Launching Le Bon Garcon was not an easy process. The logistics of finding a kitchen and getting all the permits for a food business is complex and took me a while to figure out. When I had finally found a kitchen and finished all the administrative and legal paperwork, I still needed to find a place to sell my product. I went to a performance at the Broad Stage with my mom and some family friends. I brought some caramels for our friends who happened to know the director of the Broad Stage, Dale Franzen. Dale liked them so much that she asked me to start selling them at the next show. From there, I was able to slowly expand through word of mouth and participating in the Artisanal LA show this past April really helped propel Le Bon Garcon to the next level.

Where do you make the caramels?

I make the caramels at Chefs Center of California, which is a communal commercial kitchen located in Pasadena.

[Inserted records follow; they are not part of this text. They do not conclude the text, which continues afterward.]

Lemma Dset_limit_point (tau g c al : R) :
  3 <= tau -> 0 < g < c -> Dset c tau al -> limit_point (Dset g tau) al.
Proof.
move=> t3 gc /DsetP[/andP[al0 al1] dal] U /nbhs_ballP[eps /= eps0 epsU].
have [g0 cg] := andP gc.
set A := 2 * g / (c - g) + 2.
have A1 : 1 <= A.
  have : 0 <= 2 * g / (c - g) by rewrite divr_ge0 //; lra.
  by rewrite /A; lra.
set B := 1 + g + 4 * g * (2 * g + 2) * A + eps^-1 + al^-1 + (1 - al)^-1.
(* W = 1/(2 A M^2) is small enough for at most one fraction with denominator < M to be
   close to al (close_fractions_eq), and large enough not to be covered by the
   neighbourhoods of the fractions with denominators >= M (gap_width_small). *)
set M := (Num.truncn B).+2.
have MB : B < M%:R by rewrite /M mulrS; have := truncnS_gt B; lra.
have ie : 0 < eps^-1 by rewrite invr_gt0.
have ia : 0 < al^-1 by rewrite invr_gt0.
have ia' : 0 < (1 - al)^-1 by rewrite invr_gt0 subr_gt0.
have gA : 0 <= 4 * g * (2 * g + 2) * A by rewrite !mulr_ge0 //; lra.
have MB' : 1 + g + 4 * g * (2 * g + 2) * A < M%:R by rewrite /B in MB; lra.
have [W2 small] := gap_width_small g0 A1 (isT : (2 <= M)%N) MB'.
set W := (2 * A * M%:R ^+ 2)^-1 in W2 small.
have W0 : 0 < W by rewrite invr_gt0 !mulr_gt0 ?exprn_gt0 ?ltr0n //; lra.
have W_lt d : 0 < d -> d^-1 < M%:R -> 2 * W < d.
  by move=> d0 dM; apply: le_lt_trans W2 _; rewrite invf_plt ?posrE ?ltr0n.
have eM : 2 * (A * W) * M%:R ^+ 2 <= 1.
  by rewrite /W mulrA mulrAC mulfV // gt_eqF // !mulr_gt0 ?exprn_gt0 ?ltr0n //; lra.
have [a side] := exists_one_sided_itv al (mulr_gt0 (lt_le_trans ltr01 A1) W0) W0 eM.
have [b ab db] := exists_diophantine_from_in_itv a t3 g0 W0 (isT : (2 <= M)%N) small.
have [/andP[Wb b2W] side_b] := side b ab.
have [We Wal Wal'] : [/\ 2 * W < eps, 2 * W < al & 2 * W < 1 - al].
  by split; apply: W_lt; rewrite ?subr_gt0 //; rewrite /B in MB; lra.
exists b; split.
- by apply/eqP => bal; move: Wb; rewrite bal subrr normr0; lra.
- apply/DsetP; split; last exact: diophantine_from1_of_one_sided gc dal b2W side_b db.
  by move: b2W; rewrite ler_norml => /andP[? ?]; apply/andP; split; lra.
- by apply: epsU; rewrite -ball_normE /= distrC; lra.
Qed.

End LimitPoints.

Section Isolation.
Context {R : realType}.
Variable tau : R.

Definition isolates (g : R) (I : rat * rat) :=
  exists al, Dset g tau `&` `]ratr I.1, ratr I.2[ = [set al].

Lemma isolates_of_not_limit_point g al :
  Dset g tau al -> ~ limit_point (Dset g tau) al -> exists I, isolates g I.
Proof.
move=> Dal /existsNP[U /not_implyP[/nbhs_ballP[e /= e0 eU] noU]].
have [r1] : exists r : rat, ratr r \in `]al - e, al[ by apply: rat_in_itvoo; lra.
have [r2] : exists r : rat, ratr r \in `]al, al + e[ by apply: rat_in_itvoo; lra.
rewrite !in_itv /= => /andP[al_r2 r2e] /andP[er1 r1_al].
exists (r1, r2), al; apply/seteqP; split=> [y [Dy]|_ ->]; last first.
  by split=> //; rewrite /= in_itv /= r1_al al_r2.
rewrite /= in_itv /= => /andP[r1y yr2]; apply: contrapT => yal; apply: noU.
exists y; split=> //; first exact/eqP.
by apply: eU; rewrite -ball_normE /= ltr_norml; apply/andP; split; lra.
Qed.

Hypothesis tau_ge3 : 3 <= tau.

Lemma isolates_inj g1 g2 I : 0 < g1 -> 0 < g2 -> isolates g1 I -> isolates g2 I -> g1 = g2.
Proof.
wlog g12 : g1 g2 / g1 < g2.
  move=> wlog g1_0 g2_0 i1 i2.
  by case: (ltgtP g1 g2) => // [g12|g21]; [exact: wlog | apply/esym; exact: wlog].
move=> g1_0 _ [a1 E1] [a2 E2].
have [D2a2 Ia2] : (Dset g2 tau `&` `]ratr I.1, ratr I.2[) a2 by rewrite E2.
have a21 : a2 = a1.
  have : (Dset g1 tau `&` `]ratr I.1, ratr I.2[) a2 by split=> //; exact: DsetS (ltW g12) _ D2a2.
  by rewrite E1.
have g12' : 0 < g1 < g2 by rewrite g1_0 g12.
have I_nbhs : nbhs a2 `]ratr I.1, ratr I.2[%classic.
  by apply: open_nbhs_nbhs; split=> //; exact: itv_open.
have [y [ya2 D1y Iy]] := Dset_limit_point tau_ge3 g12' D2a2 I_nbhs.
have : (Dset g1 tau `&` `]ratr I.1, ratr I.2[) y by [].
by rewrite E1 -a21 => /eqP; rewrite (negbTE ya2).
Qed.

End Isolation.

Lemma countable_lebesgue_negligible {R : realType} (A : set R) :
  countable A -> (@lebesgue_measure R).-negligible A.
Proof.
move=> cA; exists A; split=> //; last exact: countable_lebesgue_measure0.
by apply: countable_measurable => // x; exact: measurable_set1.
Qed.

Theorem mainTheorem1 (R : realType) (tau : R) :
  (3 + Num.sqrt 17) / 2 < tau ->
  {ae (@lebesgue_measure R), forall gamma : R, 0 < gamma -> cantor_set (Dset gamma tau)}.
Proof.
move=> tau_gt; have tau_ge3 : 3 <= tau.
  have := sqr_sqrtr (ler0n R 17); have := sqrtr_ge0 (17 : R); nra.
pose gamma_of (I : rat * rat) := xget 0 [set g | 0 < g /\ isolates tau g I].
apply: (negligibleS _ (countable_lebesgue_negligible
  (sub_countable (card_image_le gamma_of setT) (countableP _)))).
move=> g /not_implyP[g0 not_cantor].
have /existsNP[al /not_implyP[Dal not_lp]] : ~ (Dset g tau `<=` limit_point (Dset g tau)).
  move=> perfect; apply: not_cantor; split; first exact: Dset_closed.
  by split=> //; exact: Dset_totally_disconnected.
have [I iso] := isolates_of_not_limit_point Dal not_lp.
exists I => //; apply: xget_unique => //= g' [g'0 iso'].
exact: isolates_inj tau_ge3 _ _ _ g'0 g0 iso' iso.
Qed.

The manager, Larry Bressler, an instructor at the Cordon Bleu in Pasadena, has given me several pointers about how to improve my caramels.

Is there a different technique for making fruit caramels than classic caramels?

Absolutely. Each caramel has its own unique process to make the flavor an integral part of the caramel’s essence (rather than something added at the end). For example, to preserve the fresh mango and passion fruit flavors in the caramel, I use a gentler process for heating the caramel. Scorching is an issue with the fruit, so the caramel must be constantly stirred for about an hour in French copper pots. I use real mango and high-quality passion fruit puree to make the flavor of the caramels as close as possible to the flavor of a fresh piece of fruit.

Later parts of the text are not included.